Welcome to another edition of Seven Dawns, your weekly newsletter on marketing, productivity, psychology and more.

Our seven ideas this week:


1. (Marketing) Brand budgets should be going up not down during a recession
It’s no surprise that marketing budgets are usually the first to be cut in a downturn. It’s also the brand marketing budgets that take the axe first. Instead, marketers need to reverse this trend by keeping budgets going and only downsizing performance budgets if they have to.

“In a recession, people are less likely to buy. So why would you run short-term lead generation trying to get people to buy when they are not going to buy – because they don’t have the money or the confidence? […] You would be better off cutting short-term advertising and continuing to invest in long-term brand building, so when the economy does recover – and most recessions only last 12-18 months – you are going to win more of those customers” argued Jon Lombardo and Peter Weinberg to the Mi3.
2. (Productivity) Temptation bundling is a productivity technique that can help avoid procrastination by boosting willpower

You know you should be working on that presentation, but you’ve been procrastinating. To make things worse, the latest season of your favourite show has just dropped on Netflix. Luckily, making progress on your work and indulging in activities you enjoy is not only compatible but can also make you more productive. That’s called temptation building.

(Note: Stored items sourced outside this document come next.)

Lemma contains_rcons w x sigma : contains w sigma -> contains (rcons w x) sigma.
Proof.
case/containsP => s Hs Hi; apply/containsP; exists s => //.
exact: subseq_trans Hs (subseq_rcons w x).
Qed.

Lemma avoids_prefix T w x : avoids_all T (rcons w x) -> avoids_all T w.
Proof. by move/allP => H; apply/allP => sigma /H; apply: contra; apply: contains_rcons. Qed.

Lemma contains_rcons4P w x sigma : contains (rcons w x) sigma -> size sigma = 4 ->
  contains w sigma \/ exists a b c, subseq [:: a; b; c] w /\ order_iso [:: a; b; c; x] sigma.
Proof.
move=> /containsP [s Hs Hi] Hsz; have := order_iso_size Hi; rewrite Hsz.
case/lastP: s Hs Hi => [//|s y] Hs Hi Hs4.
rewrite subseq_rcons2 in Hs; case/orP: Hs => [Hs|/andP [/eqP Hy Hs]].
  by left; apply/containsP; exists (rcons s y).
right; subst y; rewrite size_rcons in Hs4.
by case: s Hs Hi Hs4 => [|a [|b [|c [|e s]]]] //= Hs Hi _; exists a, b, c.
Qed.

Lemma contains_rcons_last w x a b c sigma : subseq [:: a; b; c] w ->
  order_iso [:: a; b; c; x] sigma -> contains (rcons w x) sigma.
Proof.
move=> Hs Hi; apply/containsP; exists (rcons [:: a; b; c] x) => //.
by rewrite subseq_rcons2 eqxx Hs orbT.
Qed.

Lemma order_isoE s sigma : order_iso s sigma = (size s == size sigma) &&
  all (fun i => all (fun j => (nth 0 s i < nth 0 s j) == (nth 0 sigma i < nth 0 sigma j))
    (iota 0 (size s))) (iota 0 (size s)).
Proof.
rewrite /order_iso; congr andb; apply/forallP/allP => [H i | H i].
  rewrite mem_iota /= => Hi; apply/allP => j; rewrite mem_iota /= => Hj.
  exact: (forallP (H (Ordinal Hi)) (Ordinal Hj)).
apply/forallP => j; have := H i; rewrite mem_iota /= ltn_ord => /(_ isT) /allP; apply.
by rewrite mem_iota /=.
Qed.

Lemma iso1123 a b c d : order_iso [:: a; b; c; d] [:: 1; 1; 2; 3] = [&& a == b, b < c & c < d].
Proof. by rewrite order_isoE /=; apply/idP/idP; lia. Qed.

Lemma iso1234 a b c d : order_iso [:: a; b; c; d] [:: 1; 2; 3; 4] = [&& a < b, b < c & c < d].
Proof. by rewrite order_isoE /=; apply/idP/idP; lia. Qed.

Lemma iso1122 a b c d : order_iso [:: a; b; c; d] [:: 1; 1; 2; 2] = [&& a == b, b < c & c == d].
Proof. by rewrite order_isoE /=; apply/idP/idP; lia. Qed.

Lemma iso1233 a b c d : order_iso [:: a; b; c; d] [:: 1; 2; 3; 3] = [&& a < b, b < c & c == d].
Proof. by rewrite order_isoE /=; apply/idP/idP; lia. Qed.

(** * One-letter extension rules for the two pattern pairs *)

(* The two boolean components of the state of a word. *)
Definition has11 (w : seq nat) : bool := subseq [:: 1; 1] w.
Definition has112 (w : seq nat) : bool := subseq [:: 1; 1; 2] w.

Lemma has11_rcons w x : has11 (rcons w x) = has11 w || (x == 1) && (1 \in w).
Proof. by rewrite /has11 -[[:: 1; 1]]/(rcons [:: 1] 1) subseq_rcons2 sub1seq eq_sym. Qed.

Lemma has112_rcons w x : has112 (rcons w x) = has112 w || (x == 2) && has11 w.
Proof. by rewrite /has112 -[[:: 1; 1; 2]]/(rcons [:: 1; 1] 2) subseq_rcons2 eq_sym. Qed.

Lemma has112_maxl w : has112 w -> 2 <= maxl w.
Proof. by move=> H; apply: mem_leq_maxl; apply: (mem_subseq H); rewrite !inE. Qed.

Definition valid (T : seq (seq nat)) (w : seq nat) : bool := is_rgf w && avoids_all T w.

Lemma valid_prefix T w x : w != [::] -> valid T (rcons w x) -> valid T w.
Proof. by move=> Hw /andP [/(rgf_prefix Hw) Hr /avoids_prefix Ha]; apply/andP. Qed.

Definition TA : seq (seq nat) := [:: [:: 1; 1; 2; 3]; [:: 1; 2; 3; 4]].
Definition TB : seq (seq nat) := [:: [:: 1; 1; 2; 2]; [:: 1; 2; 3; 3]].

Lemma subseq3_bounds w a b c : is_rgf w -> subseq [:: a; b; c] w -> 0 < a /\ c <= maxl w.
Proof.
move=> Hr Hs; split; first by apply: (rgf_pos Hr); apply: (mem_subseq Hs); rewrite mem_head.
by apply: mem_leq_maxl; apply: (mem_subseq Hs); rewrite !inE eqxx !orbT.
Qed.

(* Avoiding 1234 bounds the maximum by 3, since 1 2 ... m is a subsequence. *)
Lemma validA_maxl w : valid TA w -> maxl w <= 3.
Proof.
case/andP => Hr /and3P [_ H4 _]; rewrite leqNgt; apply: contra H4 => Hm.
by apply/containsP; exists [:: 1; 2; 3; 4]; rewrite ?(rgf_iota Hr Hm) ?iso1234.
Qed.

(* For {1123, 1234}: a new letter x must be at most 3, and x = 3 needs w
   to avoid 112 (otherwise 1123 appears). *)
Lemma validA_rcons w x : valid TA w ->
  valid TA (rcons w x) = [&& 0 < x, x <= (maxl w).+1, x <= 3 & (x == 3) ==> ~~ has112 w].
Proof.
move=> Hv; have Hm3 := validA_maxl Hv.
case/andP: Hv => Hr /and3P [nA nB _].
rewrite /valid rgf_rcons_valid // /avoids_all /= andbT -!andbA.
case: (boolP (0 < x)) => //= Hx; case: (boolP (x <= (maxl w).+1)) => //= Hxm.
apply/idP/idP.
- case/andP => nA' nB'.
  have Hx3 : x <= 3.
    rewrite leqNgt; apply: contra nB' => H4.
    apply: (@contains_rcons_last _ _ 1 2 3); last by rewrite iso1234; lia.
    by apply: (@rgf_iota w 3 Hr); lia.
  rewrite Hx3; apply/implyP => /eqP Ex; subst x; apply: contra nA' => Hc.
  by apply: (@contains_rcons_last _ _ 1 1 2); rewrite ?iso1123.
- case/andP => Hx3 Hc; apply/andP; split; apply/negP => /contains_rcons4P /(_ erefl) [].
  + exact/negP.
  + move=> [a [b [c [Hs]]]]; rewrite iso1123 => /and3P [/eqP Eab Hbc Hcx].
    have [Ha _] := subseq3_bounds Hr Hs.
    have Ex : x = 3 by lia.
    have Eb : b = 1 by lia.
    have Ec : c = 2 by lia.
    by subst; move: Hc; rewrite eqxx /= /has112 Hs.
  + exact/negP.
  + move=> [a [b [c [Hs]]]]; rewrite iso1234 => /and3P [Hab Hbc Hcx].
    have [Ha _] := subseq3_bounds Hr Hs; lia.
Qed.
(* Every unit timelike vector u is, up to sign, the image of the time direction
   under a reflection; the sign eps is chosen so that the mirror is non-null. *)
Lemma unit_timelike_frame u : (0 < d)%N -> mink u u = -1 ->
  exists eps w, eps * eps = 1 /\ mink w w <> 0 /\ refl w (tpoint 1) = lc eps u 0 u.
Proof.
move=> d_pos hu; set e0 := tpoint 1; have he0 : mink e0 e0 = -1 by rewrite mink_tpoint //; ring.
have [eps [eps2 hw]] : exists eps, eps * eps = 1 /\ mink e0 u <> - eps.
  by case: (Req_dec (mink e0 u) (-1)) => h; [exists (-1)|exists 1]; split=> //; lra.
set b := lc eps u 0 u; have hb : mink b b = -1.
  by rewrite /b mink_scale hu eps2; ring.
(* the mirror e0 - eps u has Minkowski square -2 (1 + eps <e0, u>) *)
have hw' : mink (lc 1 e0 (-1) b) (lc 1 e0 (-1) b) <> 0.
  by rewrite /b !mink_lcl !mink_lcr he0 hu (mink_sym u e0) => h; apply: hw; nra.
exists eps, (lc 1 e0 (-1) b); do 2!split=> //.
by apply: refl_swap; rewrite ?he0 ?hb.
Qed.

(* Any two timelike separated events lie on the time axis of some observer:
   translate P to the origin and rotate the unit vector from P to R onto the
   time direction. *)
Lemma timelike_axis P R : (0 < d)%N -> interval P R < 0 ->
  exists k, poincare k /\ k (tpoint 0) = P /\ exists s, k (tpoint s) = R.
Proof.
move=> d_pos hPR; have hpos : 0 < - interval P R by lra.
set s := sqrt (- interval P R); have s_pos : 0 < s := sqrt_lt_R0 _ hpos.
have ss : s * s = - interval P R := sqrt_sqrt _ (Rlt_le _ _ hpos).
set u := lc (/ s) R (- / s) P.
have hu : mink u u = -1.
  have -> : u = lc (/ s) (lc 1 R (-1) P) 0 (lc 1 R (-1) P).
    by apply: functional_extensionality => i; rewrite /u /lc; ring.
  rewrite mink_scale -interval_mink interval_sym.
  by rewrite -[interval P R]Ropp_involutive -ss; field; lra.
have [eps [w [eps2 [hw refl_e0]]]] := unit_timelike_frame d_pos hu.
have on_axis t : (shift P eps \o refl w) (tpoint t) = lc 1 P t u.
  rewrite /= tpoint_lc refl_lc refl_e0; apply: functional_extensionality => i.
  by rewrite /shift /lc; transitivity (P i + (eps * eps) * (t * u i)); [ring|rewrite eps2; ring].
exists (shift P eps \o refl w); split.
  exact: poincare_comp (poincare_refl hw) (poincare_shift P eps2).
split; first by rewrite on_axis; apply: functional_extensionality => i; rewrite /lc; ring.
by exists s; rewrite on_axis; apply: functional_extensionality => i; rewrite /u /lc; field; lra.
Qed.

End Minkowski.

Lemma upd_agree (T : Type) (s s' : nat -> T) v b (P : nat -> Prop) :
  (forall n, v <> n /\ P n -> s n = s' n) -> forall n, P n -> upd s v b n = upd s' v b n.
Proof. by move=> hs n hn; rewrite /upd; case: eqP => // hnv; apply: hs; split=> // /esym. Qed.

Temptation bundling is a productivity technique that involves combining an activity that gives you instant gratification, such as watching TV, with one that is beneficial but has a delayed reward, such as exercising. If you only allow yourself to watch TV while you’re on a treadmill, you may be more likely to exercise regularly than you would otherwise have been.

Ness Labs
3. (Psychology) If living a good life in ancient times of scarcity was about seeking fast-reward goods, then living a good life in modern times of abundance is about seeking slow-reward goods

In many areas of our lives, things that are not as satisfying now tend to be more satisfying and leave us better off later. If living a good life in ancient times of scarcity was about seeking fast-reward, lower-effort goods, then living a good life in modern times of abundance is about seeking slow-reward, higher-effort goods. Scientists call this the evolutionary mismatch—when strategies that were once adaptive to a species become harmful.

Once you become aware of the evolutionary mismatch, you start to see it everywhere. Overcoming it is key to being grounded in an increasingly frantic world.

The challenge is compounded by the fact that Western economies are set up for short-term profits, not long-term fulfilment. As a result, we are bombarded with products, services, and marketing aimed directly at the part of our brains that crave immediate-reward products, services, and experiences. Consumerism feeds off the evolutionary mismatch and traps us in a cycle of seeking shallow pleasures that have short half-lives. This may be good for the bottom line but not for our health and happiness.

What can we do about it? 

Outside discusses.
 
4. (Investing) History doesn’t repeat itself, but it does rhyme

It’s well documented that Mark Twain used the first four words, but there’s no clear evidence that he ever said the rest. Many others have said similar over the years, but Theodor Reik said something similar that describes the concept best:

There are recurring cycles, ups and downs, but the course of events is essentially the same, with small variations. It has been said that history repeats itself. This is perhaps not quite correct; it merely rhymes.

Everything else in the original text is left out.